◆ WORK ORDER
Among the entries below, please show each line that carries the word "assert".

─── DATASET EXTRACT ───

(* Let $n,m\in\mathbb{N}_0$. Then $L_n^{(m)}\big(3+2\,\mathrm{Re}\sqrt[3]{3(1-i\sqrt2)}\big)=0$ if and only if $n=3$ and $m=0$.
   Context: Generalized Laguerre polynomials: $L_n^{(\alpha)}(x)=\sum_{j=0}^n(-1)^j\binom{n+\alpha}{n-j}\frac{x^j}{j!}$. Here $\sqrt[3]{\cdot}$ denotes the principal cube root, so that $3+2\,\mathrm{Re}\sqrt[3]{3(1-i\sqrt2)}$ is the largest root of $L_3^{(0)}(x)=\frac16(-x^3+9x^2-18x+6)$. *)

From Stdlib Require Import Reals.
From Coquelicot Require Import Coquelicot.
Open Scope R_scope.

Definition laguerre (n m : nat) (x : R) : R :=
  sum_f_R0 (fun j => (-1) ^ j * Binomial.C (n + m) (n - j) * x ^ j
                     / INR (Factorial.fact j)) n.

Definition Carg (z : C) : R :=
  if Rlt_dec (Im z) 0 then - acos (Re z / Cmod z) else acos (Re z / Cmod z).

Definition cbrt (z : C) : C :=
  if Req_EM_T (Cmod z) 0 then (0, 0)
  else (Rpower (Cmod z) (1/3) * cos (Carg z / 3),
        Rpower (Cmod z) (1/3) * sin (Carg z / 3)).

Definition x0 : R := 3 + 2 * Re (cbrt (3, - (3 * sqrt 2))).

(* x0 is a root of p = x^3 - 9 x^2 + 18 x - 6 = -6 L_3^(0), which is irreducible over Q
   (Eisenstein at 3).  Hence L_n^(m)(x0) = 0 iff p divides the integer polynomial
   n! L_n^(m) = sum_j (-1)^j C(n,j) (m+j+1)...(m+n) x^j, i.e. iff its remainder modulo p
   vanishes.  With N = m + n, every coefficient but the top three is divisible by
   (N-2)(N-1)N, which for N >= 5 has a divisor d > 1 prime to 6.  Since p(0) = -6, x is
   invertible in (Z/d)[x]/(p), so p | x^(n-2) (c_(n-2) + c_(n-1) x + c_n x^2) mod d forces
   d | c_n = +-1, which is absurd.  Degrees n <= 2 are excluded by irreducibility, and the
   three pairs with n >= 3, N < 5 are checked by computation. *)

From Stdlib Require Import Reals ZArith Znumtheory Lia Lra List.
Import ListNotations.
From Coquelicot Require Import Coquelicot.
Open Scope R_scope.

Lemma cos_3a (t : R) : cos (3 * t) = 4 * cos t ^ 3 - 3 * cos t.
Proof.
  replace (3 * t) with (2 * t + t) by ring.
  rewrite cos_plus, cos_2a_cos, sin_2a.
  pose proof (sin2_cos2 t) as H; unfold Rsqr in H.
  replace ((2 * cos t * cos t - 1) * cos t - 2 * sin t * cos t * sin t)
    with ((2 * cos t * cos t - 1) * cos t - 2 * cos t * (sin t * sin t)) by ring.
  replace (sin t * sin t) with (1 - cos t * cos t) by lra. ring.
Qed.

Lemma Rpower_cube_third (a : R) : 0 < a -> Rpower (a ^ 3) (1 / 3) = a.
Proof.
  intro Ha. rewrite <- (Rpower_pow 3 a Ha), Rpower_mult.
  replace (INR 3 * (1 / 3)) with 1 by (simpl; field). apply Rpower_1, Ha.
Qed.

Lemma Cmod_x0_radicand : Cmod (3, - (3 * sqrt 2)) = 3 * sqrt 3.
Proof.
  unfold Cmod; cbn [fst snd].
  pose proof (sqrt_sqrt 2 ltac:(lra)). pose proof (sqrt_sqrt 3 ltac:(lra)).
  pose proof (sqrt_pos 3).
  rewrite <- (sqrt_pow2 (3 * sqrt 3)) by lra. f_equal. nra.
Qed.

Lemma x0_trig : x0 = 3 + 2 * sqrt 3 * cos (acos (/ sqrt 3) / 3).
Proof.
  pose proof (sqrt_lt_R0 3 ltac:(lra)) as H3.
  assert (H32 : 0 < 3 * sqrt 2) by (pose proof (sqrt_lt_R0 2 ltac:(lra)); lra).
  unfold x0, cbrt, Carg; rewrite Cmod_x0_radicand; cbn [Re Im fst snd].
  destruct (Req_EM_T (3 * sqrt 3) 0); [lra|].
  destruct (Rlt_dec (- (3 * sqrt 2)) 0); [|lra].
  assert (Hcube : sqrt 3 ^ 3 = 3 * sqrt 3) by (pose proof (sqrt_sqrt 3 ltac:(lra)); simpl; nra).
  rewrite <- Hcube, Rpower_cube_third by lra.
  replace (3 / sqrt 3 ^ 3) with (/ sqrt 3) by (rewrite Hcube; field; lra).
  cbn [Re fst]. replace (- acos (/ sqrt 3) / 3) with (- (acos (/ sqrt 3) / 3)) by field.
  rewrite cos_neg. ring.
Qed.

Lemma x0_root : x0 ^ 3 - 9 * x0 ^ 2 + 18 * x0 - 6 = 0.
Proof.
  pose proof (sqrt_sqrt 3 ltac:(lra)) as Hss.
  assert (H1 : 1 < sqrt 3) by (rewrite <- sqrt_1; apply sqrt_lt_1; lra).
  assert (Hinv : 0 < / sqrt 3 < 1).
  { split; [apply Rinv_0_lt_compat | rewrite <- Rinv_1; apply Rinv_lt_contravar]; lra. }
  set (c := cos (acos (/ sqrt 3) / 3)).
  assert (Hc : sqrt 3 * (4 * c ^ 3 - 3 * c) = 1).
  { unfold c. rewrite <- cos_3a.
    replace (3 * (acos (/ sqrt 3) / 3)) with (acos (/ sqrt 3)) by field.
    rewrite cos_acos by lra. field. lra. }
  rewrite x0_trig; fold c.
  replace ((3 + 2 * sqrt 3 * c) ^ 3 - 9 * (3 + 2 * sqrt 3 * c) ^ 2
           + 18 * (3 + 2 * sqrt 3 * c) - 6)
    with (8 * sqrt 3 * c ^ 3 * (sqrt 3 * sqrt 3 - 3)
          + 6 * (sqrt 3 * (4 * c ^ 3 - 3 * c) - 1)) by ring.
  rewrite Hss, Hc. ring.
Qed.

Open Scope Z_scope.

(* [cubic_form s t = t^3 p(s/t)] *)
Definition cubic_form (s t : Z) : Z := s * s * s - 9 * s * s * t + 18 * s * t * t - 6 * t * t * t.

Lemma prime3_divide_cube (s : Z) : (3 | s * s * s) -> (3 | s).
Proof.
  intro H. destruct (prime_mult 3 prime_3 _ _ H) as [H2 | H2]; [|exact H2].
  destruct (prime_mult 3 prime_3 _ _ H2); assumption.
Qed.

───

◆ RESULT FOR THIS TASK
  assert (H32 : 0 < 3 * sqrt 2) by (pose proof (sqrt_lt_R0 2 ltac:(lra)); lra).
  assert (Hcube : sqrt 3 ^ 3 = 3 * sqrt 3) by (pose proof (sqrt_sqrt 3 ltac:(lra)); simpl; nra).
  assert (H1 : 1 < sqrt 3) by (rewrite <- sqrt_1; apply sqrt_lt_1; lra).
  assert (Hinv : 0 < / sqrt 3 < 1).
  assert (Hc : sqrt 3 * (4 * c ^ 3 - 3 * c) = 1).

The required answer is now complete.